Officers can issue you with an on-the-spot penalty infringement notice or court proceedings.
In some cases, where there is a critical need, a written approval may be given by the department or by Queensland Police to ride through a restricted road use notice sign. This does not include a no entry sign.
While car drivers are at risk in a bushfire crisis, motorcyclists are at greater risk because of their exposure to the flames and embers as shown in the above video.
Bushfires can spread rapidly and even outrun a vulnerable rider, no matter how fast you are riding!
If you find yourself caught in a bushfire area, put your hazard lights on to increase your visibility in the smoke.
Park your bike with the engine off in a clearing or behind a barrier such as a wall or rocky outcrop.
Stay with your bike with the hazards on and wait for police or emergency services.
Sparking a fire
Rural fire services also point out that fires have been sparked by motorcycles in the past.

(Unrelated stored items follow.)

Definition subT A B : OpT R T := fun i j => A i j - B i j.
Definition scaleT c A : OpT R T := fun i j => c * A i j.
Definition zeroT : OpT R T := fun _ _ => 0.
Definition ketbraT (b : T) : OpT R T := fun i j => (i == b)%:R * (j == b)%:R.
Definition projT P := mulT P P = P /\ adjT P = P.
Definition pdoT rho := psdT rho /\ trT rho <= 1.

Lemma sum_deltal (b : T) (F : T -> C) : \sum_(k : T) (k == b)%:R * F k = F b.
Proof.
rewrite (bigD1 b) //= eqxx mul1r big1 ?addr0 // => k /negbTE ->.
by rewrite mul0r.
Qed.

Lemma sum_deltar (b : T) (F : T -> C) : \sum_(k : T) F k * (k == b)%:R = F b.
Proof. by rewrite -(sum_deltal b F); apply: eq_bigr => k _; rewrite mulrC. Qed.

Lemma mulTA A B D : mulT (mulT A B) D = mulT A (mulT B D).
Proof.
apply: funext => i; apply: funext => j; rewrite /mulT.
under eq_bigr do rewrite big_distrl /=.
rewrite exchange_big /=; apply: eq_bigr => k _.
by rewrite big_distrr /=; apply: eq_bigr => l _; rewrite mulrA.
Qed.

Lemma mulTBl A B D : mulT (subT A B) D = subT (mulT A D) (mulT B D).
Proof.
apply: funext => i; apply: funext => j; rewrite /mulT /subT -sumrB.
by apply: eq_bigr => k _; rewrite mulrBl.
Qed.

Lemma mulTBr A B D : mulT A (subT B D) = subT (mulT A B) (mulT A D).
Proof.
apply: funext => i; apply: funext => j; rewrite /mulT /subT -sumrB.
by apply: eq_bigr => k _; rewrite mulrBr.
Qed.

Lemma mul1T A : mulT I A = A.
Proof.
apply: funext => i; apply: funext => j; rewrite /mulT /idT -(sum_deltal i (A^~ j)).
by apply: eq_bigr => k _; rewrite eq_sym.
Qed.

Lemma mulT1 A : mulT A I = A.
Proof. by apply: funext => i; apply: funext => j; rewrite /mulT sum_deltar. Qed.

Lemma mulTZl c A B : mulT (scaleT c A) B = scaleT c (mulT A B).
Proof.
apply: funext => i; apply: funext => j; rewrite /mulT /scaleT big_distrr /=.
by apply: eq_bigr => k _; rewrite mulrA.
Qed.

Lemma mulTZr c A B : mulT A (scaleT c B) = scaleT c (mulT A B).
Proof.
apply: funext => i; apply: funext => j; rewrite /mulT /scaleT big_distrr /=.
by apply: eq_bigr => k _; rewrite mulrCA.
Qed.

Lemma subTT A : subT A A = zeroT.
Proof. by apply: funext => i; apply: funext => j; rewrite /subT subrr. Qed.

Lemma subT0 A : subT A zeroT = A.
Proof. by apply: funext => i; apply: funext => j; rewrite /subT subr0. Qed.

Lemma scale1T A : scaleT 1 A = A.
Proof. by apply: funext => i; apply: funext => j; rewrite /scaleT mul1r. Qed.

Lemma trTB A B : trT (subT A B) = trT A - trT B.
Proof. by rewrite /trT /subT sumrB. Qed.

Lemma trTZ c A : trT (scaleT c A) = c * trT A.
Proof. by rewrite /trT /scaleT big_distrr. Qed.

Lemma trT_mulC A B : trT (mulT A B) = trT (mulT B A).
Proof.
rewrite /trT /mulT exchange_big /=.
by apply: eq_bigr => i _; apply: eq_bigr => k _; rewrite mulrC.
Qed.

Lemma adjT_mul A B : adjT (mulT A B) = mulT (adjT B) (adjT A).
Proof.
apply: funext => i; apply: funext => j; rewrite /adjT /mulT rmorph_sum.
by apply: eq_bigr => k _; rewrite rmorphM mulrC.
Qed.

Lemma adjTB A B : adjT (subT A B) = subT (adjT A) (adjT B).
Proof. by apply: funext => i; apply: funext => j; rewrite /adjT /subT rmorphB. Qed.

Lemma adjT1 : adjT I = I.
Proof.
by apply: funext => i; apply: funext => j; rewrite /adjT /idT conjc_nat eq_sym.
Qed.

Lemma trT_ketbra (b : T) : trT (ketbraT b) = 1.
Proof. by rewrite /trT /ketbraT sum_deltal eqxx. Qed.

Lemma trT_mul_ketbra A (b : T) : trT (mulT A (ketbraT b)) = A b b.
Proof.
rewrite /trT /mulT /ketbraT.
transitivity (\sum_i (i == b)%:R * A i b); last exact: sum_deltal.
apply: eq_bigr => i _; rewrite -(sum_deltar b (A i)).
by rewrite mulr_sumr; apply: eq_bigr => k _; ring.
Qed.

Lemma psdT_diag_ge0 A (b : T) : psdT A -> 0 <= A b b.
Proof.
move=> /(_ (fun i => (i == b)%:R)); congr (_ <= _).
rewrite -(sum_deltal b (A^~ b)); apply: eq_bigr => i _.
rewrite conjC_nat -(sum_deltar b (A i)) mulr_sumr.
by apply: eq_bigr => j _; rewrite mulrA.
Qed.

Lemma trT_psd_ge0 A : psdT A -> 0 <= trT A.
Proof. by move=> hA; apply: sumr_ge0 => b _; exact: psdT_diag_ge0. Qed.

Lemma psdT1 : psdT I.
Proof.
move=> v; apply: sumr_ge0 => i _; rewrite (bigD1 i) //= big1 ?addr0.
  by rewrite /idT eqxx mulr1 mulrC mul_conjC_ge0.
by move=> j /negbTE; rewrite /idT eq_sym => ->; rewrite mulr0 mul0r.
Qed.

Lemma psdTZ c A : 0 <= c -> psdT A -> psdT (scaleT c A).
Proof.
move=> c_ge0 hA v; rewrite /scaleT.
have -> : \sum_i \sum_j (v i)^* * (c * A i j) * v j =
          c * \sum_i \sum_j (v i)^* * A i j * v j.
  rewrite mulr_sumr; apply: eq_bigr => i _; rewrite mulr_sumr.
  by apply: eq_bigr => j _; ring.
exact: mulr_ge0 (hA v).
Qed.
(* A perfect matching of a graph is the same thing as an involution p with
   every v adjacent to p v. For K_4 x P_n such an involution is recorded layer
   by layer: each copy of K_4 becomes a letter giving, for each of its four
   vertices, its partner inside the layer or the information "matched upwards"
   or "matched downwards". In a valid word the up set of each letter is the
   down set of the next one, so the tilings are counted by iterating a transfer
   operator T on functions of the down set (16 states). The identity
   T^3 + 1 = 4 T^2 + 4 T, checked by computation on the initial vector and
   propagated by linearity, gives the recurrence; the closed form satisfies it
   because its three terms are powers of the roots of (x + 1)(x^2 - 5x + 1). *)

(** * Perfect matchings as involutions *)

Section MatchingInvolution.
Variables (T : finType) (e : rel T).
Hypotheses (e_irr : irreflexive e) (e_sym : symmetric e).

Definition edgeb (E : {set T}) := [exists u, exists v, e u v && (E == [set u; v])].

Definition perfect_matchingb (M : {set {set T}}) :=
  [forall E in M, edgeb E] && [forall v, #|[set E in M | v \in E]| == 1%N].

Definition matching_involution (p : {ffun T -> T}) :=
  [forall v, e v (p v) && (p (p v) == v)].

Lemma matching_involutionP (p : {ffun T -> T}) :
  reflect (forall v, e v (p v) /\ p (p v) = v) (matching_involution p).
Proof.
apply: (iffP forallP) => H v; first by case/andP: (H v) => -> /eqP.
by case: (H v) => -> ->; rewrite eqxx.
Qed.

Definition matching_of (p : {ffun T -> T}) := [set [set v; p v] | v : T].

Lemma perfect_matching_of (p : {ffun T -> T}) :
  matching_involution p -> perfect_matchingb (matching_of p).
Proof.
move/matching_involutionP => p_inv; apply/andP; split.
  apply/forall_inP => _ /imsetP [v _ ->]; apply/existsP; exists v.
  by apply/existsP; exists (p v); rewrite (p_inv v).1 eqxx.
apply/forallP => w; apply/cards1P; exists [set w; p w].
apply/setP => E; rewrite !inE; apply/andP/eqP => [[/imsetP [v _ ->]]|->].
  by case/set2P => ->; rewrite ?(p_inv v).2 1?setUC.
by split; [apply/imsetP; exists w | exact: set21].
Qed.

Lemma matching_of_inj (p q : {ffun T -> T}) :
  matching_involution p -> matching_involution q ->
  matching_of p = matching_of q -> p = q.
Proof.
move=> /matching_involutionP p_inv /matching_involutionP q_inv Epq.
apply/ffunP => v.
have : [set v; p v] \in matching_of q by rewrite -Epq; apply/imsetP; exists v.
case/imsetP => u _ Eu.
have Evq : [set v; p v] = [set v; q v].
  have : v \in [set u; q u] by rewrite -Eu set21.
  by case/set2P => Ev; rewrite Eu Ev ?(q_inv u).2 1?setUC.
have : p v \in [set v; q v] by rewrite -Evq set22.
by case/set2P => // pvv; move: (p_inv v).1; rewrite pvv e_irr.
Qed.
Lemma continuous_sum_f_R0 (G : nat -> R -> R) n t : (forall p, (p <= n)%nat -> continuous (G p) t) ->
  continuous (fun x => sum_f_R0 (fun p => G p x) n) t.
Proof.
  intros H. induction n as [|n IH]; [apply H; lia|].
  apply (continuous_ext (fun x => sum_f_R0 (fun p => G p x) n + G (S n) x)); [intros; rewrite tech5; reflexivity|].
  apply (continuous_Rplus (fun x => sum_f_R0 (fun p => G p x) n)); [apply IH; intros|]; apply H; lia.
Qed.

Lemma is_derive_sum_f_R0 (F F' : nat -> R -> R) n t :
  (forall k, (k <= n)%nat -> is_derive (F k) t (F' k t)) ->
  is_derive (fun x => sum_f_R0 (fun k => F k x) n) t (sum_f_R0 (fun k => F' k t) n).
Proof.
  intros H. induction n as [|n IH]; [apply H; lia|].
  apply (is_derive_ext (fun x => sum_f_R0 (fun k => F k x) n + F (S n) x)); [intros; rewrite tech5; reflexivity|].
  rewrite tech5. apply is_derive_Rplus; [apply IH; intros|]; apply H; lia.
Qed.

Section TruncatedInverse.

Variables (d : nat) (l : nat -> R) (N : nat).
Hypothesis Hl : valid_params d l.
Hypothesis HN : (2 <= N)%nat.

Definition inv_trunc (t x : R) := sum_f_R0 (fun k => ucoef l k t * x ^ k) N.
Definition inv_trunc_dt (t x : R) := sum_f_R0 (fun k => dcoef l k t * x ^ k) N.
Definition inv_trunc_dx (t x : R) := sum_f_R0 (fun k => INR k * ucoef l k t * x ^ pred k) N.
Definition scoef_trunc (t : R) (j : nat) := if Nat.leb j N then scoef l t j else 0.
Definition rem_coef (t : R) (k : nat) := sum_f_R0 (fun p => pcoef l t p * scoef_trunc t (k - p)) k.

Lemma inv_trunc_dtt_0 x : inv_trunc 0 x = x.
Proof.
  unfold inv_trunc. assert (H : forall n, (1 <= n)%nat -> sum_f_R0 (fun k => ucoef l k 0 * x ^ k) n = x).
  { intros n Hn. induction Hn as [|n Hn IH]; [simpl; rewrite ucoef_0, ucoef_1; ring|].
    rewrite tech5, IH, ucoef_at_0 by lia. ring. }
  apply H; lia.
Qed.

Lemma inv_trunc_derive_along (r : R -> R) t r' : is_derive r t r' ->
  is_derive (fun t => inv_trunc t (r t)) t (inv_trunc_dt t (r t) + inv_trunc_dx t (r t) * r').
Proof.
  intros Hr. unfold inv_trunc, inv_trunc_dt, inv_trunc_dx.
  rewrite (Rmult_comm (sum_f_R0 _ N) r'), scal_sum, <- sum_plus.
  apply (is_derive_sum_f_R0 (fun k x => ucoef l k x * r x ^ k)
    (fun k x => dcoef l k x * r x ^ k + INR k * ucoef l k x * r x ^ pred k * r')).
  intros k _. eapply is_derive_ext; [intros; reflexivity|].
  replace (dcoef l k t * r t ^ k + INR k * ucoef l k t * r t ^ pred k * r')
    with (dcoef l k t * r t ^ k + ucoef l k t * (INR k * r' * r t ^ pred k)) by ring.
  apply is_derive_Rmult; [eapply ucoef_derive; eauto|apply is_derive_pow, Hr].
Qed.

Lemma pL_cos_expand t x : pL d l (x * cos t) = sum_f_R0 (fun p => pcoef l t p * x ^ p) (S (N + d)).
Proof.
  rewrite (sum_f_R0_trunc _ d) by (try lia; intros j Hj; unfold pcoef; rewrite Hl by lia; ring).
  rewrite sum_f_R0_split_0. unfold pcoef at 1. rewrite (Hl O) by auto.
  rewrite !Rmult_0_l, Rplus_0_l. apply sum_n_m_ext_loc_R. intros; unfold pcoef.
  rewrite Rpow_mult_distr; ring.
Qed.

They say about 40% of all bushfires are accidentally started by humans dropping cigarette butts, campfires, discarding bottles, sparks from machinery and motorcycles.
Most riders who accidentally spark these blazes are off-road and adventure bikes riding in the bush and on forestry tracks.
However, there is also the possibility of fires being started by road bikes if the rider pulls over to the side of the road where they may be long, dry grass.
The bike’s engine, exhaust, or catalytic convertor can be hot enough to set dry grass alight.